Я оглянулась и обнаружила, что все студенты смотрят на меня. И конечно же, никто их них мне не верил, я видела это по взглядам – недоуменным, немного испуганным, осуждающим. А я краснела всё сильнее, и ничего не могла с собой поделать.
– Вы что вообразили? – отчитывала меня Щукина. – Торнадо? Или последний день Помпеи?
– Почему вы решили, что это – моя вина? – грубо ответила я, решив защищаться до последнего.

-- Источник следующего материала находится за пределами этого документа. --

(* Let $f:\mathbb{R}^d\to\mathbb{R}^d$ be a linear isomorphism having real eigenvalues $\lambda$ and $\mu$ with $\lambda>1$ and $0<\mu<1$. Then $f$ does not satisfy the topological shadowing property.
   Context: Let $(X,d)$ be a metric space and $f:X\to X$ a homeomorphism; $\mathcal{C}^+=\{\epsilon:X\to\mathbb{R}^+ : \epsilon \text{ continuous}\}$. For $\delta\in\mathcal{C}^+$, a sequence $\{x_n\}_{n\in\mathbb{Z}}\subset X$ is a $\delta$-pseudo-orbit of $f$ if $d(f(x_n),x_{n+1})<\delta(f(x_n))$ for every $n\in\mathbb{Z}$. For $\epsilon\in\mathcal{C}^+$, the sequence $\{x_n\}$ is $\epsilon$-shadowed by an orbit if there is $y\in X$ with $d(f^n(y),x_n)<\epsilon(x_n)$ for every $n\in\mathbb{Z}$. The homeomorphism $f$ satisfies the topological shadowing property if for every $\epsilon\in\mathcal{C}^+$ there exists $\delta\in\mathcal{C}^+$ such that every $\delta$-pseudo-orbit is $\epsilon$-shadowed by an orbit. $\mathbb{R}^d$ carries the Euclidean metric. *)

From mathcomp Require Import ssreflect ssrfun ssrbool eqtype ssrnat seq fintype bigop.
From Stdlib Require Import Reals ZArith.
Open Scope R_scope.

Definition metric_continuous {X : Type} (dist : X -> X -> R) (e : X -> R) : Prop :=
  forall x (eps : R), 0 < eps ->
    exists delta, 0 < delta /\ forall y, dist x y < delta -> Rabs (e y - e x) < eps.

Definition Cplus {X : Type} (dist : X -> X -> R) (e : X -> R) : Prop :=
  (forall x, 0 < e x) /\ metric_continuous dist e.

Definition pseudo_orbit {X : Type} (dist : X -> X -> R) (f : X -> X)
  (delta : X -> R) (x : Z -> X) : Prop :=
  forall n : Z, dist (f (x n)) (x (n + 1)%Z) < delta (f (x n)).

Definition orbit_of {X : Type} (f : X -> X) (y : X) (o : Z -> X) : Prop :=
  o 0%Z = y /\ forall n : Z, o (n + 1)%Z = f (o n).

Definition eps_shadowed {X : Type} (dist : X -> X -> R) (f : X -> X)
  (eps : X -> R) (x : Z -> X) : Prop :=
  exists (y : X) (o : Z -> X), orbit_of f y o /\
    forall n : Z, dist (o n) (x n) < eps (x n).

Definition topological_shadowing {X : Type} (dist : X -> X -> R) (f : X -> X) : Prop :=
  forall eps, Cplus dist eps ->
    exists delta, Cplus dist delta /\
      forall x : Z -> X, pseudo_orbit dist f delta x -> eps_shadowed dist f eps x.

Definition Rd (d : nat) : Type := 'I_d -> R.

Definition euclid_dist {d : nat} (x y : Rd d) : R :=
  sqrt (\big[Rplus/0]_(i < d) (x i - y i) ^ 2).

Definition vadd {d : nat} (x y : Rd d) : Rd d := fun i => x i + y i.
Definition vscale {d : nat} (a : R) (x : Rd d) : Rd d := fun i => a * x i.
Definition vzero {d : nat} : Rd d := fun _ => 0.
(* For every integer $k\ge2$, the infimum $\alpha_*=\inf_{x\in\Delta^{d-1}}F^k(x)$ is attained at some point of $\Delta^{d-1}$, and $1\le\alpha_*\le 12\cdot3^{k-1}-3$.
   Context: Fix $k\ge2$ and $d=4\cdot3^{k-1}$. $\Delta^{d-1}=\{x=(x_1,\dots,x_d)\in\mathbb{R}^d: x_i>0,\ \sum_i x_i=1\}$. For $j=1,2,3,4$, $I_j=\{(j-1)3^{k-1}+1,\dots,j\cdot3^{k-1}\}$ and $\Sigma_j(x)=\sum_{l\in I_j}x_l$. Let $\sigma(t)=(1-t)/t$ for $t\in(0,1)$. For $i\in\{1,\dots,d\}$ let $j(i)=1$ if $i\equiv0\pmod4$, $j(i)=4$ if $i\equiv1$, $j(i)=3$ if $i\equiv2$, $j(i)=2$ if $i\equiv3\pmod 4$, and set $f_i(x)=\sigma(\Sigma_{j(i)}(x))\,\sigma(x_i)$. Define $F^k(x)=\max_{1\le i\le d}f_i(x)$ on $\Delta^{d-1}$. *)

From Stdlib Require Import Reals Lra Lia.
Open Scope R_scope.

(* Vectors x in R^d are functions nat -> R, with coordinates x 1, ..., x d
   (indices outside 1..d are irrelevant). *)

Fixpoint sumto (f : nat -> R) (n : nat) : R :=
  match n with
  | O => 0
  | S n' => sumto f n' + f (S n')
  end.

Fixpoint maxto (g : nat -> R) (n : nat) : R :=
  match n with
  | O => g 1%nat
  | S n' => Rmax (maxto g n') (g (S n'))
  end.

Definition blk (k : nat) : nat := (3 ^ (k - 1))%nat.
Definition dim (k : nat) : nat := (4 * blk k)%nat.

Definition in_simplex (d : nat) (x : nat -> R) : Prop :=
  (forall i, (1 <= i <= d)%nat -> 0 < x i) /\ sumto x d = 1.

Definition Sigma (k j : nat) (x : nat -> R) : R :=
  sumto (fun t => x ((j - 1) * blk k + t)%nat) (blk k).

Definition sigma (t : R) : R := (1 - t) / t.

Definition jmap (i : nat) : nat :=
  match (i mod 4)%nat with
  | O => 1%nat
  | 1%nat => 4%nat
  | 2%nat => 3%nat
  | _ => 2%nat
  end.

Definition fi (k i : nat) (x : nat -> R) : R :=
  sigma (Sigma k (jmap i) x) * sigma (x i).

Definition Fk (k : nat) (x : nat -> R) : R :=
  maxto (fun i => fi k i x) (dim k).

(* The four block sums add up to 1, so x_1 <= Sigma_1 <= 1 - Sigma_4 and already
   f_1 = sigma (Sigma_4) sigma (x_1) >= 1.  Conversely, a bound F^k(x) <= M keeps every
   coordinate of x away from 0: each block sum stays 1/(M+2) away from 1, and then f_i <= M
   bounds sigma (x_i).  So the infimum is a minimum of a continuous function over a compact
   set, and at the barycenter every f_i equals sigma (1/4) sigma (1/d) = 3 (d - 1). *)

From Stdlib Require Import Reals Lra Lia Arith.
From mathcomp Require all_boot all_order all_algebra all_classical all_reals all_analysis.
From mathcomp Require Rstruct Rstruct_topology.
Open Scope R_scope.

– Потому что я ещё не выжила из ума и не ослепла! – Щукина затрясла головой и тоже начала краснеть – но не от стыда, а от праведного гнева. – Вы вообразили гепарда, и он от вас, моя дорогая – да-да! именно от вас! – скакнул в окно!
Студенты взволнованно зашептались, а я перевела дух – возможно, Щука не увидела, кто был этим гепардом.
– Может, это Анчуткин, Светлана Емельяновна? – предположил Царёв, и Щукина заметно смешалась.
Все мы посмотрели на Анчуткина. Он сидел сгорбившись, вцепившись в столешницу, и был бледный до зелени.
– Боря? – позвала я и толкнула его в плечо.
– Отстаньте от меня! – крикнул он и упал головой на стол, уткнувшись лицом в ладони.
Такого от примерного ботаника не ожидал никто, и Щукина совсем растерялась.
– Обо всем будет доложено ректору, – пригрозила она нам. – Он сразу поймет, кто это сделал, и тогда…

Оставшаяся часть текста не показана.